■ **TASK STATEMENT**
Check each line of the data, and copy those where "case" appears.

■ **RECORD EXCERPTS**
□ □ □ □

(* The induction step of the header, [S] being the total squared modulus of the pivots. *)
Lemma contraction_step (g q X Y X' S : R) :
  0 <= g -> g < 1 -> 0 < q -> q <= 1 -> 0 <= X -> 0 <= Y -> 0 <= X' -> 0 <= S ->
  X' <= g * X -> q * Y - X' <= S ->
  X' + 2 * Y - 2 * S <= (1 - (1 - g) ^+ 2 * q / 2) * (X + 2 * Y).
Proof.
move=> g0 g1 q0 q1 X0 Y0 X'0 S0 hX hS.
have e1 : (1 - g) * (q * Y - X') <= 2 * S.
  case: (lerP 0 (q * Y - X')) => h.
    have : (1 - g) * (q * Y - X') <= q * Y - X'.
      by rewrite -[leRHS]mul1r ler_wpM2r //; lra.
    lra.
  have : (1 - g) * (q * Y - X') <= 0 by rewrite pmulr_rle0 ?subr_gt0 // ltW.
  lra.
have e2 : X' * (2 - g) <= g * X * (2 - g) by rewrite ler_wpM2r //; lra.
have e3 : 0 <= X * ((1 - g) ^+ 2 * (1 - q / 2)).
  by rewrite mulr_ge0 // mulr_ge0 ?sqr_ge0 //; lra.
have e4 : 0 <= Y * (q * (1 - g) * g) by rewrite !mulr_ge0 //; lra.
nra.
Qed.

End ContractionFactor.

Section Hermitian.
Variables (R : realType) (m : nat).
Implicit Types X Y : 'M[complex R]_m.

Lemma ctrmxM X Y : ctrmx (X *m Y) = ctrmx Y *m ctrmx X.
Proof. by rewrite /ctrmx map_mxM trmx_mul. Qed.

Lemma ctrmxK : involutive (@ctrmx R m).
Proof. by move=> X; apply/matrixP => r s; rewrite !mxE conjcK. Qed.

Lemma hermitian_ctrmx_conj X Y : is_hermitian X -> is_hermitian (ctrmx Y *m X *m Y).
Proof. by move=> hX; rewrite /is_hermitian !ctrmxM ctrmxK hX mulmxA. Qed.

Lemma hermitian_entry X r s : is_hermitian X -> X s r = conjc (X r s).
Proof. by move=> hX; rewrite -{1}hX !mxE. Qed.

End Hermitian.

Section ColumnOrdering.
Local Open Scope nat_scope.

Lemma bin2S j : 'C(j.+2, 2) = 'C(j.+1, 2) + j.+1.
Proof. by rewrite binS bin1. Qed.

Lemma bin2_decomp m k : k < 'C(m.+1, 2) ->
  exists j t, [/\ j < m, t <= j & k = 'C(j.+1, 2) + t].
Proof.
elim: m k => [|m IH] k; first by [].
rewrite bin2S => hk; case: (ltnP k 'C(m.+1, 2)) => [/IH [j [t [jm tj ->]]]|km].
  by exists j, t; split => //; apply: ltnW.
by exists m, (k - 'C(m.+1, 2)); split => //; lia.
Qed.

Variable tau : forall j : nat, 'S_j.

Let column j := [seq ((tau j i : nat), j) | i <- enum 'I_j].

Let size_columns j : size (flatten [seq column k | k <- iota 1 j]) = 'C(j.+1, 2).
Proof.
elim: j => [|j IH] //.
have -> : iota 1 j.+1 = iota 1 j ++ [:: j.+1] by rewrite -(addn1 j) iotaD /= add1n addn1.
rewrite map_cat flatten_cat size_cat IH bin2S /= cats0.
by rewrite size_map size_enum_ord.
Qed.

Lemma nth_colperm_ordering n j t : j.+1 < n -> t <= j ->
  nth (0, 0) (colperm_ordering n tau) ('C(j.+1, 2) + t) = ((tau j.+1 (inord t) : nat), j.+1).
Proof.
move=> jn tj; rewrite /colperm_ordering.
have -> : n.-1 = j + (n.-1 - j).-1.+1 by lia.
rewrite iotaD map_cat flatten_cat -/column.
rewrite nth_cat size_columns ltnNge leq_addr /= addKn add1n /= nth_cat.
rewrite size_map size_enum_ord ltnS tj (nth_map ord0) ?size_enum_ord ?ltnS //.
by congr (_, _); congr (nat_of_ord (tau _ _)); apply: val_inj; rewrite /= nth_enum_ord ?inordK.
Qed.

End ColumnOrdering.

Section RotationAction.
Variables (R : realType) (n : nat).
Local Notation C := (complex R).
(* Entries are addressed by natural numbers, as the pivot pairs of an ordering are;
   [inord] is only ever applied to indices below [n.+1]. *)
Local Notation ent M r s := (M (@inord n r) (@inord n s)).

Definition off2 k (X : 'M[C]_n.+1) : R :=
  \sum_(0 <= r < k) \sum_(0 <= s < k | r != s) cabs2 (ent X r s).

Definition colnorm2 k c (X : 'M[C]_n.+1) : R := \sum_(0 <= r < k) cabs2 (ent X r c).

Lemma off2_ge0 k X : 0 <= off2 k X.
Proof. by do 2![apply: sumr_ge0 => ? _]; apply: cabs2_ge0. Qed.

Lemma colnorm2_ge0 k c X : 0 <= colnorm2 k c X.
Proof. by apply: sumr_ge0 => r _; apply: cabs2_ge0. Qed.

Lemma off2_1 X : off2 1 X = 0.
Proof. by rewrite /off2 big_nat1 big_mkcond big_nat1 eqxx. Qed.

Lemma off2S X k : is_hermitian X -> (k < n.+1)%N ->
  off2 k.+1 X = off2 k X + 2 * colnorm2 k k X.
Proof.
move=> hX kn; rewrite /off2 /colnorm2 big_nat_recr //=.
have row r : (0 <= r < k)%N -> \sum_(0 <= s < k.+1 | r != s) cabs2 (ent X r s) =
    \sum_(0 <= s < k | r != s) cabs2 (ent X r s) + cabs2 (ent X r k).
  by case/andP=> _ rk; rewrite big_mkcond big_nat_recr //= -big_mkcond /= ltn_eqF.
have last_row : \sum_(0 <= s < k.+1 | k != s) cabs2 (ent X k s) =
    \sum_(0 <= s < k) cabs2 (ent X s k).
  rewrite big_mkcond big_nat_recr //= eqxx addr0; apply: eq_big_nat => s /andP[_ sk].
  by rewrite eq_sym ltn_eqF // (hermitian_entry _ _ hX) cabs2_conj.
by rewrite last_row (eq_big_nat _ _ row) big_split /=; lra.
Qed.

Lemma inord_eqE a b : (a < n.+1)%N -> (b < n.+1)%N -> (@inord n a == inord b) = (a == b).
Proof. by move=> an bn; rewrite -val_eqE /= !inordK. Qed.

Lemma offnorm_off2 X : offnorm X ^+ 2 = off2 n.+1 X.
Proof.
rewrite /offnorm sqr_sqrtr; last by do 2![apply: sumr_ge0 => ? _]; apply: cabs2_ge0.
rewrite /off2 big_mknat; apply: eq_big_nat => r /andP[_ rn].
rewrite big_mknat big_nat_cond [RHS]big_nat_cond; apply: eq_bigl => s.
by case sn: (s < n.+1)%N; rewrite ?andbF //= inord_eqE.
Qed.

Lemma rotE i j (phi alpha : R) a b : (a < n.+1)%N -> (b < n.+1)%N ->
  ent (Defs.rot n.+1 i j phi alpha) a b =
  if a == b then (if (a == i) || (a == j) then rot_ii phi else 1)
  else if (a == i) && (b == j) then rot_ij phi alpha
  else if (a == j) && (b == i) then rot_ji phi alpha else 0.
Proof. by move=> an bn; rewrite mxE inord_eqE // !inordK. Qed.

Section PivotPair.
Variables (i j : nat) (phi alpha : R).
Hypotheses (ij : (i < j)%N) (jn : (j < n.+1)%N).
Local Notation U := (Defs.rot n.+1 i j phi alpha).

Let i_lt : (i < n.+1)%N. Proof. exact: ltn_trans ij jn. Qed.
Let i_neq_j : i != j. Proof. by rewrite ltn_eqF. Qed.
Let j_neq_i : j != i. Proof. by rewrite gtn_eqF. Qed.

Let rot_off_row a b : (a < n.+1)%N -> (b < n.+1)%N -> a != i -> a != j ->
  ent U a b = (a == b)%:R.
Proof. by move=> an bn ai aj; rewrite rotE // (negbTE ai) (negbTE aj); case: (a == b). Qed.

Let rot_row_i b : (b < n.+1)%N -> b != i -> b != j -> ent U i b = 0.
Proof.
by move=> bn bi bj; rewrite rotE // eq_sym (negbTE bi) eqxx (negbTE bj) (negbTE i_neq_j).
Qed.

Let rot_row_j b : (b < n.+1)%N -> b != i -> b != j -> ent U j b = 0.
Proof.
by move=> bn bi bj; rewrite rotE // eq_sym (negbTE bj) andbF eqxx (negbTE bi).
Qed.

□ □ □ □

■ **ANSWER TO THE PROBLEM**
  case: (lerP 0 (q * Y - X')) => h.
rewrite bin2S => hk; case: (ltnP k 'C(m.+1, 2)) => [/IH [j [t [jm tj ->]]]|km].
  by case/andP=> _ rk; rewrite big_mkcond big_nat_recr //= -big_mkcond /= ltn_eqF.
by case sn: (s < n.+1)%N; rewrite ?andbF //= inord_eqE.
Proof. by move=> an bn ai aj; rewrite rotE // (negbTE ai) (negbTE aj); case: (a == b). Qed.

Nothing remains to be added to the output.